Lemma posdef_on_pendant : posdef_on M B <-> 0 < schur.
Proof.
have Mqq_neq0 := lt0r_neq0 Mqq_gt0.
split=> [posB | schur_gt0 x suppx x_neq0].
  pose x : 'cV[R]_n := \col_i
    (if i == q then - (M p q / M q q) else if i == p then 1 else extend (- w) i 0).
  have suppx : supported_on B x.
    by move=> i; rewrite !inE !negb_or mxE => /and3P[/negbTE-> /negbTE-> /extend_out].
  have xq : x q 0 = - (M p q / M q q) by rewrite mxE eqxx.
  have xp : x p 0 = 1 by rewrite mxE (negbTE neq_pq) eqxx.
  have xA : subvec A x = - w.
    apply/rowP => k; have Ak : enum_val k \in A := enum_valP k.
    have [kq kp] : enum_val k != q /\ enum_val k != p.
      by split; apply: contraTneq Ak => ->.
    by rewrite [LHS]mxE /x mxE (negbTE kq) (negbTE kp) extend_val.
  have x_neq0 : x != 0 by apply: contra_eq_neq xp => ->; rewrite mxE eq_sym oner_neq0.
  have := posB x suppx x_neq0; rewrite qform_pendant_square // xq xp xA.
  rewrite mul1r addNr scale1r addNr expr0n expr1n !mul0mx mxE mulr0 mul1r.
  by rewrite add0r addr0.
rewrite qform_pendant_square //.
have Mqq_sq_ge0 c : 0 <= M q q * c ^+ 2 by rewrite mulr_ge0 ?sqr_ge0 ?ltW.
have [xp0|xp_neq0] := eqVneq (x p 0) 0; last first.
  have : 0 < x p 0 ^+ 2 * schur by rewrite mulr_gt0 // exprn_even_gt0.
  by move: (Mqq_sq_ge0 (x q 0 + x p 0 * M p q / M q q)) (S_ge0 (subvec A x + x p 0 *: w)); lra.
rewrite xp0 !mul0r addr0 expr0n mul0r addr0 scale0r addr0.
have [xq0|xq_neq0] := eqVneq (x q 0) 0.
  rewrite xq0 expr0n mulr0 add0r; apply: S_pos.
  by apply: contra_neq x_neq0; apply: supp_eq0.
have : 0 < M q q * x q 0 ^+ 2 by rewrite mulr_gt0 // exprn_even_gt0.
by move: (S_ge0 (subvec A x)); lra.
Qed.

End PendantVertex.

Section TreePart.
Variables (R : realFieldType) (n : nat) (E : rel 'I_n) (v0 : 'I_n).
Variables (es : seq ('I_n * 'I_n)) (N : 'M[R]_n).
Hypotheses (treeE : is_tree E) (bfs_es : bfs_edge_enum E v0 es) (posN : posdef N).

Local Notation M := (tree_part E N).
Local Notation p_ j := (par v0 es j).
Local Notation q_ j := (chl v0 es j).

Lemma tree_partE i j : M i j = if (i == j) || E i j then N i j else 0.
Proof. by rewrite mxE. Qed.

Lemma tree_part_sym : M^T = M.
Proof.
have [[symE _] _ _] := treeE; have [symN _] := posN.
apply/matrixP => i j; rewrite mxE !tree_partE eq_sym symE.
by case: ifP => // _; rewrite -[in RHS]symN mxE.
Qed.

Lemma posdef_on_tree_part (S : {set 'I_n}) :
  {in S &, forall i j, (i == j) || E i j} -> posdef_on M S.
Proof.
by move=> cliqueS; apply: (posdef_on_eq posN) => i j Si Sj; rewrite tree_partE cliqueS.
Qed.

Lemma posdef_on_visitedS j : (0 < j < size es)%N -> posdef_on M (visited v0 es j) ->
  (posdef_on M (visited v0 es j.+1) <->
   0 < sigma_j v0 es M j + eta_j v0 es M j - M (p_ j) (p_ j)).
Proof.
move=> Hj posj; have /andP[_ lt_j] := Hj.
have Aj := Aset_visited treeE bfs_es Hj.
have pj := par_visited treeE bfs_es lt_j.
have pAj : p_ j |: Aset v0 es j = visited v0 es j by rewrite Aj setD1K.
have qNj := chl_notin_visited treeE bfs_es lt_j.
have Mq0 : {in Aset v0 es j, forall i, M (q_ j) i = 0}.
  move=> i; rewrite Aj in_setD1 => /andP[neq_ip ij].
  have neq_qi : q_ j != i by apply: contraNneq qNj => ->.
  have nEqi := chl_visited_nbr treeE bfs_es lt_j ij neq_ip.
  by rewrite tree_partE (negbTE neq_qi) (negbTE nEqi).
have pNA : p_ j \notin Aset v0 es j by rewrite Aj setD11.
have qNA : q_ j \notin Aset v0 es j by apply: contra qNj; rewrite Aj => /setD1P[].
have neq_pq : p_ j != q_ j by apply: contraNneq qNj => <-.
have Mqq_gt0 : 0 < M (q_ j) (q_ j) by rewrite tree_partE eqxx posdef_diag_gt0.
have posA : posdef_on M (Aset v0 es j) by apply: posdef_onS posj; rewrite -pAj subsetUr.
rewrite (visitedS treeE bfs_es lt_j) -pAj.
rewrite (posdef_on_pendant tree_part_sym pNA qNA neq_pq Mq0 Mqq_gt0 posA).
by rewrite /sigma_j /eta_j; split; lra.
Qed.

Lemma posdef_on_visited :
  (forall j, (1 <= j < size es)%N ->
     0 < sigma_j v0 es M j + eta_j v0 es M j - M (p_ j) (p_ j)) ->
  forall j, (j <= size es)%N -> posdef_on M (visited v0 es j).
Proof.
have [[symE _] _ _] := treeE.
move=> cond; elim=> [|j IHj] le_j.
  by rewrite visited0; apply: posdef_on_tree_part => x y /set1P-> /set1P->; rewrite eqxx.
have [j0|j_gt0] := posnP j.
  rewrite j0 in le_j *; rewrite (visited1 treeE bfs_es le_j).
  have E0 := bfs_edge0 treeE bfs_es le_j.
  apply: posdef_on_tree_part => x y.
  by rewrite !inE => /orP[]/eqP-> /orP[]/eqP->; rewrite ?eqxx // ?(symE (q_ 0)) E0 orbT.
have Hj : (0 < j < size es)%N by rewrite j_gt0.
by apply/(posdef_on_visitedS Hj (IHj (ltnW le_j))); apply: cond.
Qed.

End TreePart.

Unset Implicit Arguments.

Theorem corollary6 (R : realFieldType) (n : nat) (E : rel 'I_n) (v0 : 'I_n)
    (es : seq ('I_n * 'I_n)) (N : 'M[R]_n) :
  is_tree E -> bfs_edge_enum E v0 es -> posdef N ->
  let M := tree_part E N in
  posdef M <->
  (forall j : nat, (1 <= j < size es)%N ->
     0 < sigma_j v0 es M j + eta_j v0 es M j - M (par v0 es j) (par v0 es j)).
Proof.
move=> treeE bfs_es posN M; rewrite posdef_on_setT.
split=> [[_ posM] j Hj | cond].
  have posj := posdef_onS (subsetT (visited v0 es j)) posM.
  by apply/(posdef_on_visitedS treeE bfs_es posN Hj posj)/(posdef_onS (subsetT _) posM).
split; first exact: tree_part_sym.
by rewrite -(visited_all treeE bfs_es); apply: posdef_on_visited.
Qed.
(* Assume Assumptions A.1–A.6. Suppose $q:\Theta\to\mathbb{R}$ is bounded on $\Theta$ and continuous on $\Theta_{\#\#}$. Then for each $t\ge1$, the function $\theta\mapsto E(q(\theta_t^* )\mid\theta_0^*=\theta)$ is continuous on $\Theta_{\#\#}$.
   Context: Model: $\xi_t=a(X_{t-1})+b(X_{t-1})e_t$ with $X_t=(\xi_t,\dots,\xi_{t-p+1})\in\mathbb{R}^p$, $\{e_t\}$ i.i.d. $\|\cdot\|$ Euclidean, $\Theta=\{\theta:\|\theta\|=1\}$, $\mathbb{R}^p_0=\mathbb{R}^p\setminus\{0\}$, $H_0=\{x:\min_i|x_i|=0\}$, $\Theta_\#=\Theta\setminus H_0$. A.1: $e_t$ has Lebesgue density $f$ locally bounded away from $0$; $b$ positive, locally bounded, locally bounded away from $0$. A.2: $\sup_u(1+|u|)f(u)<\infty$, $E|e_1|^{r_0}<\infty$ for some $r_0>0$. A.3: $a(x)/(1+\|x\|)$, $b(x)/(1+\|x\|)$ bounded. A.4: bounded $a_*,b_*$ on $\Theta$ with $\sup_{\theta}|a(w\theta)/w-a_*(\theta)|\to0$, $\sup_\theta|b(w\theta)/w-b_*(\theta)|\to0$ as $w\to\infty$; $a^*(x)=a_*(x/\|x\|)\|x\|$, $b^*(x)=b_*(x/\|x\|)\|x\|$, $a^*(0)=b^*(0)=0$. A.5: if $p>1$, $\max(|a^*|,b^* )$ locally bounded away from $0$ on $\mathbb{R}^p_0$ and $b^*$ locally bounded away from $0$ on $\mathbb{R}^p\setminus H_0$. A.6: if $p>1$, there are $(p-1)$-dimensional hyperplanes $H_1,\dots,H_m$ through the origin with $a^*,b^*$ continuous off $\bigcup_jH_j$. $F\theta=(\theta_2,\dots,\theta_p,\theta_1)$; $\Theta_{\#\#}=\{\theta\in\Theta_\#:F^k\theta\notin H_j\ \forall j,k\}$. $z(x,u)=a^*(x)+b^*(x)u$, $w(x,u)=\|(z(x,u),x_1,\dots,x_{p-1})\|$; collapsed chain $\theta_t^*=(z(\theta^*_{t-1},e_t),\theta^*_{t-1,1},\dots,\theta^*_{t-1,p-1})/w(\theta^*_{t-1},e_t)$. *)

From mathcomp Require Import all_boot all_order all_algebra.
From mathcomp Require Import all_classical all_reals all_analysis.
Set Implicit Arguments. Unset Strict Implicit. Unset Printing Implicit Defensive.
Import Order.TTheory GRing.Theory Num.Theory.
Import numFieldNormedType.Exports.
Local Open Scope classical_set_scope.
Local Open Scope ring_scope.

Section Defs.
Variables (R : realType) (p : nat).
Notation vec := 'rV[R]_p.

(* Euclidean norm on R^p (the library's norm on 'rV is the max norm) *)
Definition enorm (x : vec) : R := Num.sqrt (\sum_i x ord0 i ^+ 2).

Definition Theta : set vec := [set x | enorm x = 1].
Definition H0 : set vec := [set x | exists i, x ord0 i = 0].
Definition Theta_sharp : set vec := Theta `\` H0.

Definition Fshift (x : vec) : vec := \row_i x ord0 (ordS i).

Definition hyperplane (nv : vec) : set vec :=
  [set x | \sum_i nv ord0 i * x ord0 i = 0].

Definition Theta_ss (m : nat) (nrm : 'I_m -> vec) : set vec :=
  [set th | Theta_sharp th /\
     forall (j : 'I_m) (k : nat), ~ hyperplane (nrm j) (iter k Fshift th)].

Definition homog_ext (g : vec -> R) (x : vec) : R :=
  if x == 0 then 0 else g ((enorm x)^-1 *: x) * enorm x.

Definition zfun (ast bst : vec -> R) (x : vec) (u : R) : R :=
  ast x + bst x * u.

* **EXERCISE BRIEF**: Please output an exact copy of the lines above, from the opening line of the data down to the line that contains "have xq : x".

* **EXERCISE ANSWER**:
Lemma posdef_on_pendant : posdef_on M B <-> 0 < schur.
Proof.
have Mqq_neq0 := lt0r_neq0 Mqq_gt0.
split=> [posB | schur_gt0 x suppx x_neq0].
  pose x : 'cV[R]_n := \col_i
    (if i == q then - (M p q / M q q) else if i == p then 1 else extend (- w) i 0).
  have suppx : supported_on B x.
    by move=> i; rewrite !inE !negb_or mxE => /and3P[/negbTE-> /negbTE-> /extend_out].
  have xq : x q 0 = - (M p q / M q q) by rewrite mxE eqxx.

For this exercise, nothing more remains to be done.